Sonicwall moves to hybrid support model in EMEA
Security vendor enlists third party to handle support for lower-level partners and most customers
Sonicwall's top partners will benefit from its decision to move to a hybrid support model in EMEA, the security vendor has claimed.
From next week, support for lower-level partners and all but its largest customers will be hived off to a third-party outfit based in mainland Europe, the vendor has confirmed.
The change in tack comes less than two years after Sonicwall brought all EMEA support in-house following the opening of its Chertsey support centre.
Vice president of EMEA Andy Zollo (pictured) admitted the support centre had been dogged by high staff turnover but said the move was also designed to assure that partners and end users get the appropriate level of service.
Distributors and Gold partners – along with some key enterprise customers – will continue to be supported by Sonicwall's own engineers in Chertsey.
However, Sonicwall has trained an unnamed support firm – thought to be based in Poland – to assume control of support for Silver and Approved partners, as well as smaller customers.
The changes go live next Monday but there will be a two-month bedding-in period to fine-tune processes, Zollo said.
"We want to improve support for Gold partners and big customers that know our products inside out," Zollo said. "They need a peer-to-peer connection with a level-three engineer.

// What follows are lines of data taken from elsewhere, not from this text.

Section Blocks.
Variables (L : language) (M : Type) (S : structure L M) (c0 r m k : nat).
Variable cst_pos : 'I_c0 -> M.
Hypothesis cst_pos_inj : injective cst_pos.
Hypothesis cst_pos_onto : forall c, exists p, cst_pos p = cst S c.
Hypothesis cst_pos_cst : forall p, exists c, cst_pos p = cst S c.
Variable member : 'I_m.+1 -> 'I_k.+1 -> M.
Hypothesis member_inj : forall i l i' l', member i l = member i' l' -> i = i' /\ l = l'.
Hypothesis member_ncst : forall i l c, member i l <> cst S c.
Hypothesis member_component : forall i, component S (fun x => exists l, member i l = x).
Hypothesis r_le : (r <= k.+1)%N.

Local Notation col := (widen_ord (leqnSn m)).
Local Notation blocks := {ffun 'I_k -> {perm 'I_m}}.
Local Notation universe := ('I_c0 + 'I_r + ('I_m + 'I_k * 'I_m))%type.

(* A cell (l, j) : 'I_k * 'I_m lies at level lift ord0 l of the grid; the
   component ord_max provides the r padding points. *)
Definition block_embed (s : blocks) (d : universe) : M :=
  match d with
  | inl (inl p) => cst_pos p
  | inl (inr p) => member ord_max (widen_ord r_le p)
  | inr (inl j) => member (col j) ord0
  | inr (inr (l, j)) => member (col (s l j)) (lift ord0 l)
  end.

Lemma block_embed_inj s : injective (block_embed s).
Proof.
have cst_pos_member p i l : cst_pos p <> member i l.
  by have [c ->] := cst_pos_cst p => /esym; apply: member_ncst.
have col_max (j : 'I_m) : col j <> ord_max by move/(congr1 val)/eqP; rewrite /= ltn_eqF.
have lift0_neq (l : 'I_k) : lift ord0 l <> ord0 by move/eqP; rewrite eq_sym (negbTE (neq_lift _ _)).
move=> [[p|p]|[j|[l j]]] [[p'|p']|[j'|[l' j']]] /=;
  do ?by [move/cst_pos_inj-> | move/cst_pos_member | move/esym/cst_pos_member].
all: move/member_inj => [ii' ll'].
all: do ?by [case: (col_max _ ii') | case: (col_max _ (esym ii')) | case: (lift0_neq _ ll')
            | case: (lift0_neq _ (esym ll'))].
- by congr (inl (inr _)); apply: val_inj; move/(congr1 val): ll'.
- by congr (inr (inl _)); apply: val_inj; move/(congr1 val): ii'.
have ll : l = l' by apply: lift_inj ll'.
have jj : s l j = s l j' by apply: val_inj; move/(congr1 val): ii'; rewrite ll.
by rewrite ll (perm_inj jj).
Qed.

Lemma block_embed_cst s c : exists d, block_embed s d = cst S c.
Proof. by have [p <-] := cst_pos_onto c; exists (inl (inl p)). Qed.
Lemma sum_powers_IVT (R : realType) (I : finType) (a : I -> R) (w : I -> nat) (t v : R) :
  (forall i, 0 <= a i) -> (exists i, 0 < a i /\ (0 < w i)%N) -> 0 < t ->
  \sum_i a i * t ^+ w i <= v -> exists2 q, t <= q & \sum_i a i * q ^+ w i = v.
Proof.
move=> a_ge0 [i0 [ai0_gt0 wi0_gt0]] t_gt0 phit_le.
pose phi q := \sum_i a i * q ^+ w i.
have phi_ge_term q : 0 <= q -> a i0 * q ^+ w i0 <= phi q.
  move=> q_ge0; rewrite /phi (bigD1 i0) //= lerDl.
  by apply: sumr_ge0 => i _; rewrite mulr_ge0 ?exprn_ge0.
have v_ge0 : 0 <= v.
  apply: le_trans (le_trans (phi_ge_term _ (ltW t_gt0)) phit_le).
  by rewrite mulr_ge0 ?exprn_ge0 ?ltW.
(* At [Q] the term of [i0] alone already exceeds [v]. *)
pose Q := t + 1 + v / a i0.
have va_ge0 : 0 <= v / a i0 by rewrite divr_ge0 // ltW.
have Q_ge1 : 1 <= Q by rewrite /Q; lra.
have tQ : t <= Q by rewrite /Q; lra.
have v_le_phiQ : v <= phi Q.
  apply: le_trans (phi_ge_term _ (le_trans ler01 Q_ge1)).
  have Q_le_pow : Q <= Q ^+ w i0.
    by rewrite -(prednK wi0_gt0) exprS ler_peMr ?exprn_ege1 // (le_trans ler01).
  apply: le_trans (ler_wpM2l (ltW ai0_gt0) Q_le_pow).
  rewrite /Q !mulrDr mulrCA mulfV ?gt_eqF //.
  by rewrite mulr1; have := mulr_ge0 (ltW ai0_gt0) (ltW t_gt0); lra.
have phi_cont : {within `[t, Q], continuous phi}%classic.
  apply: continuous_subspaceT; rewrite (_ : phi = horner (\sum_i a i *: 'X^(w i))).
    exact: continuous_horner.
  by apply/funext => q; rewrite horner_sum; apply: eq_bigr => i _; rewrite hornerZ hornerXn.
have phi_tQ : Num.min (phi t) (phi Q) <= v <= Num.max (phi t) (phi Q).
  by rewrite ge_min phit_le le_max v_le_phiQ orbT.
have [q] := IVT tQ phi_cont phi_tQ.
by rewrite in_itv /= => /andP[tq _] phiq; exists q.
Qed.

Section QuantumRadiusBound.
Variable R : realType.

Lemma pauli_mass_hits_opnorm n (A : qop R n) t : 0 < t -> pauli_mass A t <= opnorm A ->
  exists2 q, t <= q & pauli_mass A q = opnorm A.
Proof.
move=> t_gt0 mass_le.
have [/existsP [s /andP[s_id As]]|/existsPn A_scalar] :=
  boolP [exists s, (s != pauli_id n) && (pcoef A s != 0)].
  apply: sum_powers_IVT mass_le => //; first by move=> s'; exact: normc_ge0.
  exists s; split; last by rewrite lt0n pweight_eq0.
  by rewrite lt_def normc_ge0 andbT; apply: contra As => /eqP/eq0_normc ->.
have {}A_scalar s : s != pauli_id n -> pcoef A s = 0.
  by move=> s_id; apply/eqP; move: (A_scalar s); rewrite s_id negbK.
exists t => //; rewrite opnorm_scalar // /pauli_mass (bigD1 (pauli_id n)) //= big1 ?addr0.
  have /eqP -> : pweight (pauli_id n) == 0%N by rewrite pweight_eq0.
  by rewrite expr0 mulr1.
by move=> s /A_scalar ->; rewrite normc0 mul0r.
Qed.

Lemma Br_pauli_walsh_le n (A : qop R n) : (Br (pauli_walsh A) <= 3%:E * qBr A)%E.
Proof.
rewrite /Br; apply: ge_ereal_sup => _ [r [r_gt0 r_root] <-].
have r3_gt0 : 0 < r / 3 by rewrite divr_gt0 ?ltr0n.
have [|q r3q qroot] := @pauli_mass_hits_opnorm n A _ r3_gt0.
  by rewrite -sum_fourier_pauli_walsh r_root supnorm_pauli_walsh_le.
have q_le : (q%:E <= qBr A)%E.
  by apply: ereal_sup_ubound; exists q => //; split => //; exact: lt_le_trans r3q.
rewrite -[r](@divfK _ 3) ?pnatr_eq0 // EFinM muleC.
by apply: lee_wpmul2l; rewrite ?lee_fin ?ler0n // (le_trans _ q_le) ?lee_fin.
Qed.

End QuantumRadiusBound.

Lemma Br_class_le_qBr_class (R : realType) c d n :
  (Br_class R c d (3 * n) <= 3%:E * qBr_class R c d n)%E.
Proof.
set B := Br_class R c d (3 * n).
have B_le A : in_class c d (@pweight n) (pcoef A) -> (B <= 3%:E * qBr A)%E.
  move=> Ac; apply: le_trans (Br_pauli_walsh_le A); apply: ereal_inf_lbound.
  by exists (pauli_walsh A); first exact: in_class_pauli_walsh.
have three_neq0 : (3 : R) != 0 by rewrite pnatr_eq0.
have -> : B = (3%:E * ((3^-1)%:E * B))%E by rewrite muleA -EFinM mulfV // mul1e.
apply: lee_wpmul2l; first by rewrite lee_fin ler0n.
apply: le_ereal_inf_tmp => _ [A Ac <-].
apply: le_trans (lee_wpmul2l _ (B_le A Ac)) _; first by rewrite lee_fin invr_ge0 ler0n.
by rewrite muleA -EFinM mulVf // mul1e.
Qed.

Local Open Scope ereal_scope.

Theorem theorem4p4 (R : realType) (c : fclass) (d n : nat) :
  (1 <= d <= n)%N ->
  qBr_class R c d n <= Br_class R c d n /\
  Br_class R c d (3 * n) <= 3%:E * qBr_class R c d n.
Proof.
by move=> _; split; [exact: qBr_class_le_Br_class|exact: Br_class_le_qBr_class].
Qed.
Lemma pgf_nonneg (x : R) : 0 <= x -> 0 <= pgf x.
Proof.
  intros Hx. apply cond_pos_sum. intros m. apply Rmult_le_pos; [apply c_nonneg | apply pow_le, Hx].
Qed.

Lemma pgf_deriv_pos (x : R) :
  0 < sum_f_R0 (fun m => INR m * c m) N -> 0 < x -> 0 < pgf_deriv x.
Proof.
  intros Hmean Hx. destruct (sum_pos_witness _ _ Hmean) as [m [Hm Hcm]].
  assert (Hm0 : (0 < m)%nat) by (destruct m; [simpl in Hcm; lra | lia]).
  pose proof (pos_INR m). pose proof (pow_lt x (pred m) Hx).
  apply Rlt_le_trans with (c m * (INR m * x ^ pred m)).
  - assert (0 < c m) by nra. apply Rmult_lt_0_compat, Rmult_lt_0_compat; auto.
    apply lt_0_INR. exact Hm0.
  - apply (sum_ge_term (fun m => c m * (INR m * x ^ pred m))); [|exact Hm].
    intros n. pose proof (pos_INR n). pose proof (pow_le x (pred n) (Rlt_le _ _ Hx)).
    pose proof (c_nonneg n). apply Rmult_le_pos; [|apply Rmult_le_pos]; assumption.
Qed.

Lemma pgf_quot0_le : pgf_quot 0 <= sum_f_R0 c N.
Proof.
  apply sum_Rle. intros m _. pose proof (c_nonneg m). pose proof (geom_sum_0_le1 m). nra.
Qed.

(* A coefficient of index at least 2 is what makes [pgf_quot] strictly increasing. *)
Lemma pgf_quot_witness (x : R) :
  sum_f_R0 c N < pgf_quot x -> exists m0, (2 <= m0 <= N)%nat /\ 0 < c m0.
Proof.
  intros Hlt.
  assert (Hpos : 0 < sum_f_R0 (fun m => c m * (geom_sum m x - 1)) N).
  { rewrite (sum_eq _ (fun m => c m * geom_sum m x - c m)) by (intros; ring).
    unfold pgf_quot in Hlt. rewrite minus_sum. lra. }
  destruct (sum_pos_witness _ _ Hpos) as [m [Hm Hterm]].
  exists m. pose proof (c_nonneg m). destruct (Nat.le_gt_cases m 1) as [Hm1|Hm1].
  - exfalso. pose proof (geom_sum_le1 m x Hm1). nra.
  - split; [lia|]. destruct (Req_dec (c m) 0) as [Hz|Hz]; [|lra].
    rewrite Hz in Hterm. lra.
Qed.

Section StrictlyIncreasing.

Variable m0 : nat.
Hypotheses (m0_ge2 : (2 <= m0)%nat) (m0_le : (m0 <= N)%nat) (c_m0_pos : 0 < c m0).

Lemma pgf_quot_deriv_ge (x : R) : 0 <= x -> c m0 <= pgf_quot_deriv x.
Proof.
  intros Hx. apply Rle_trans with (c m0 * geom_sum_deriv m0 x).
  - pose proof (geom_sum_deriv_ge1 m0 x Hx m0_ge2). nra.
  - apply (sum_ge_term (fun m => c m * geom_sum_deriv m x)); [|exact m0_le].
    intros n. apply Rmult_le_pos; [apply c_nonneg | apply geom_sum_deriv_nonneg, Hx].
Qed.

Lemma pgf_quot_rate (a b : R) : 0 <= a <= b -> c m0 * (b - a) <= pgf_quot b - pgf_quot a.
Proof.
  intros Hab. destruct (Req_dec a b) as [<-|Hne]; [lra|].
  destruct (MVT_cor2 pgf_quot pgf_quot_deriv a b ltac:(lra)
              (fun x _ => derivable_pt_lim_pgf_quot x)) as [x [Hmvt Hx]].
  rewrite Hmvt. apply Rmult_le_compat_r; [lra|]. apply pgf_quot_deriv_ge. lra.
Qed.

End StrictlyIncreasing.

End GeneratingFunction.

Lemma limit1_in_weaken (f : R -> R) (D D' : R -> Prop) (l x0 : R) :
  (forall x, D x -> D' x) -> limit1_in f D' l x0 -> limit1_in f D l x0.
Proof.
  intros HD H eps Heps. destruct (H eps Heps) as [d [Hd Hf]].
  exists d. split; [exact Hd|]. intros x [Hx Hdx]. apply Hf. auto.
Qed.

Lemma limit1_in_restrict (f : R -> R) (D : R -> Prop) (l x0 d : R) :
  0 < d -> limit1_in f (fun x => D x /\ Rabs (x - x0) < d) l x0 -> limit1_in f D l x0.
Proof.
  intros Hd H eps Heps. destruct (H eps Heps) as [e [He Hf]].
  exists (Rmin e d). split; [apply Rmin_pos; lra|]. intros x [Hx Hdx].
  simpl in Hdx. unfold Rdist in Hdx.
  apply Hf. simpl. unfold Rdist.
  pose proof (Rmin_l e d). pose proof (Rmin_r e d). repeat split; auto; lra.
Qed.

We need to ensure they do not have the opportunity to get stuck behind a small customer with one TZ who has a password or configuration issue."
Zollo was confident that Silver and Approved partners will see no changes in their level of support and said both centres would have the same phone number and escalation point. "We have been training [the third party] for months and they do this for a lot of other big vendors," he added.
Zollo admitted that high staff turnover at Chertsey had influenced the move.
"The turnover issue was unhelpful," he said. "We were having to re-recruit and train people, then they would go off to a competitor. We want to give the best support in local languages; that is why a hybrid model makes sense."
Zollo declined to give details of job cuts in Chertsey but emphasised that some engineers had been successfully redeployed to Sonicwall's Arizona support centre.
SonicWall is in the process of deciding which enterprise customers qualify for in-house support but the UK number is likely to be "closer to 10 than 100", according to Zollo. The vendor's 40 UK Gold partners are being informed of the changes today.
"This will be a good recruitment tool to get people to bump up from Silver to Gold," Zollo concluded.